Within 20 minutes we were giddy. THUNDER. Then lightening. We’d been carrying our rain gear the last 3 days, and when we could see and hear the splats of the raindrops, we huddled next to a high stone wall and under some vines to don our rain gear.
Sooo much better than yesterday’s 92 degree steep accents and decent…on cobblestones.
We hiked through neighborhoods cut into the mountain, narrow paths framed by high stone walls covered in moss, and dense wet forest. Because the cobblestones engage muscles I never knew I had, I found immense joy when even the shortest section of the path involved a semi-consistent surface. Like asphalt.
The forest floor is my favorite. Soft, giving and almost bouncy compared to the crazy cobblestones.
We were in and out of rain gear a couple of times. This is as close as I get to a fashionista photo, in that my shoes match my shirt.
DAY 5 interjection.
I know several of you are following my blog for updates, and I need to say now that my blog may not be updated daily. In fact one of my insights along this Camino is that I have a lot of “self talk” as I walk along the lines of “oh, how will I describe this or that?”
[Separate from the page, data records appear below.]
Lemma softpol_gap (V : S -> A -> R) (K d : R) s a' :
  (forall a, `|V s a| <= K) -> (forall a, `|Q s a - V s a| <= d) ->
  V s a' - \sum_a softpol eps tau Q s a * V s a
  <= 2 * eps * K + 2 * d + tau * ln (#|A|%:R : R).
Proof.
move=> V_le QV_le; have [eps_gt0 eps_le1] := andP eps01.
set n : R := #|A|%:R; set L := ln n; set w := softmax tau (Q s).
have A_gt0 : (0 < #|A|)%N by apply/card_gt0P; exists a'.
have n_gt0 : 0 < n by rewrite ltr0n.
have [d_ge0 K_ge0] : 0 <= d /\ 0 <= K.
  by split; [apply: le_trans (QV_le a') | apply: le_trans (V_le a')].
have L_ge0 : 0 <= L by rewrite ln_ge0 // ler1n.
have mix : \sum_a softpol eps tau Q s a * V s a =
    eps * ((\sum_a V s a) / n) + (1 - eps) * \sum_a w a * V s a.
  rewrite [in RHS]mulrCA mulr_suml mulr_sumr -big_split /=.
  by apply: eq_bigr => a _; rewrite softpolE -/n -/w; ring.
have uniform_gap : V s a' - (\sum_a V s a) / n <= 2 * K.
  have avg_ge : - K <= (\sum_a V s a) / n.
    rewrite ler_pdivlMr //; apply: le_trans (_ : \sum_(a : A) - K <= _).
      by rewrite sumr_const -mulr_natr; exact: lexx.
    by apply: ler_sum => a _; have := V_le a; rewrite ler_norml => /andP[].
  by have := V_le a'; rewrite ler_norml => /andP[_]; lra.
have softmax_part : V s a' - \sum_a w a * V s a <= tau * L + 2 * d.
  have := softmax_gap (Q s) a' tau_gt0; rewrite -/L -/w.
  have mean_ge : \sum_a w a * Q s a - d <= \sum_a w a * V s a.
    rewrite -[d]mul1r -(sum_softmax tau (Q s) A_gt0) -/w mulr_suml -sumrB.
    apply: ler_sum => a _; rewrite -mulrBr; apply: ler_wpM2l; first exact/ltW/softmax_gt0.
    by have := QV_le a; rewrite ler_norml => /andP[]; lra.
  by have := QV_le a'; rewrite ler_norml => /andP[]; lra.
rewrite mix.
have : (1 - eps) * (V s a' - \sum_a w a * V s a) <= tau * L + 2 * d.
  apply: le_trans (ler_wpM2l _ softmax_part) _; first by rewrite subr_ge0.
  by apply: ler_piMl; [rewrite addr_ge0 ?mulr_ge0 // ltW | lra].
by nra.
Qed.

End SoftPolicy.

Section Arithmetic.
Context {R : realFieldType}.

Lemma sqr_add3_le (x y z : R) : (x + y + z) ^+ 2 <= 3 * (x ^+ 2 + y ^+ 2 + z ^+ 2).
Proof.
have -> : 3 * (x ^+ 2 + y ^+ 2 + z ^+ 2) =
    (x + y + z) ^+ 2 + ((x - y) ^+ 2 + (y - z) ^+ 2 + (x - z) ^+ 2) by ring.
by rewrite lerDl !addr_ge0 ?sqr_ge0.
Qed.

Lemma discounted_bias_ge0 (gamma eps tau L : R) : gamma < 1 ->
  0 <= 12 * eps ^+ 2 / (1 - gamma) ^+ 4 + 3 * tau ^+ 2 * L ^+ 2 / (1 - gamma) ^+ 2.
Proof.
move=> gamma_lt1; have omg_ge0 : 0 <= 1 - gamma by rewrite subr_ge0 ltW.
apply: addr_ge0; apply: divr_ge0; rewrite ?exprn_ge0 //.
  by rewrite mulr_ge0 // sqr_ge0.
by rewrite mulr_ge0 ?sqr_ge0 // mulr_ge0 // sqr_ge0.
Qed.
(* Let $n\ge2$, $\alpha_2,\dots,\alpha_n\in\mathbb C$, and $T=I+\alpha_2D^2+\cdots+\alpha_nD^n\in\mathcal L(\mathcal P_n)$. Then for every $\varepsilon>0$ there exists $C_T(\varepsilon)>0$ such that for every $f\in\mathcal P_n$ of degree at least $2$ with simple roots, $$\tau(f)>C_T(\varepsilon)\ \Longrightarrow\ d_F\bigl(Z(f),Z(Tf)\bigr)<\varepsilon.$$
   Context: $\mathcal P_n$ is the complex vector space of polynomials of degree at most $n$, $D$ differentiation, $I$ identity. $Z(f)$ denotes the roots of $f$ counted with multiplicity (a multiset of size $\deg f$); $\deg Tf=\deg f$ for such $T$. For $f$ of degree $\ge2$ with at least two distinct roots, $\tau(f):=\min\{|w-v|:w\in Z(f),\ v\in Z(f')\setminus\{w\}\}$. For multisets $A=\{u_1,\dots,u_m\}$, $B=\{v_1,\dots,v_m\}$ in $\mathbb C$, $d_F(A,B)=\min_{\sigma}\max_{k}|u_k-v_{\sigma(k)}|$ over permutations $\sigma$ of $\{1,\dots,m\}$. *)

From HB Require Import structures.
From mathcomp Require Import all_boot all_order all_algebra all_fingroup.
Set Implicit Arguments. Unset Strict Implicit. Unset Printing Implicit Defensive.
Import Order.TTheory GRing.Theory Num.Theory.
Local Open Scope ring_scope.

Section Defs.
Variable K : numClosedFieldType.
Don’t get me wrong. I love writing. I love thinking about what I will write. But I realized today that I am not in the present when I am thinking about getting to the next lodging where I will be able to post. If I can. Will I?
And I haven’t been able to do so as easily as I’d like. So bear with me. I will post here when I can. (Facebook is super simple, but basically a photo album for me.)
I wrote the above from Day 5, having crossed from Portugal to Spain. In the rain. All day. With no complaints. For now, it is what I do. Walk.
We are staying in a hotel that is converted from a convent founded in the 16th century. We had to wander around to kill time for dinner because the restaurants don’t open until 8:30 pm.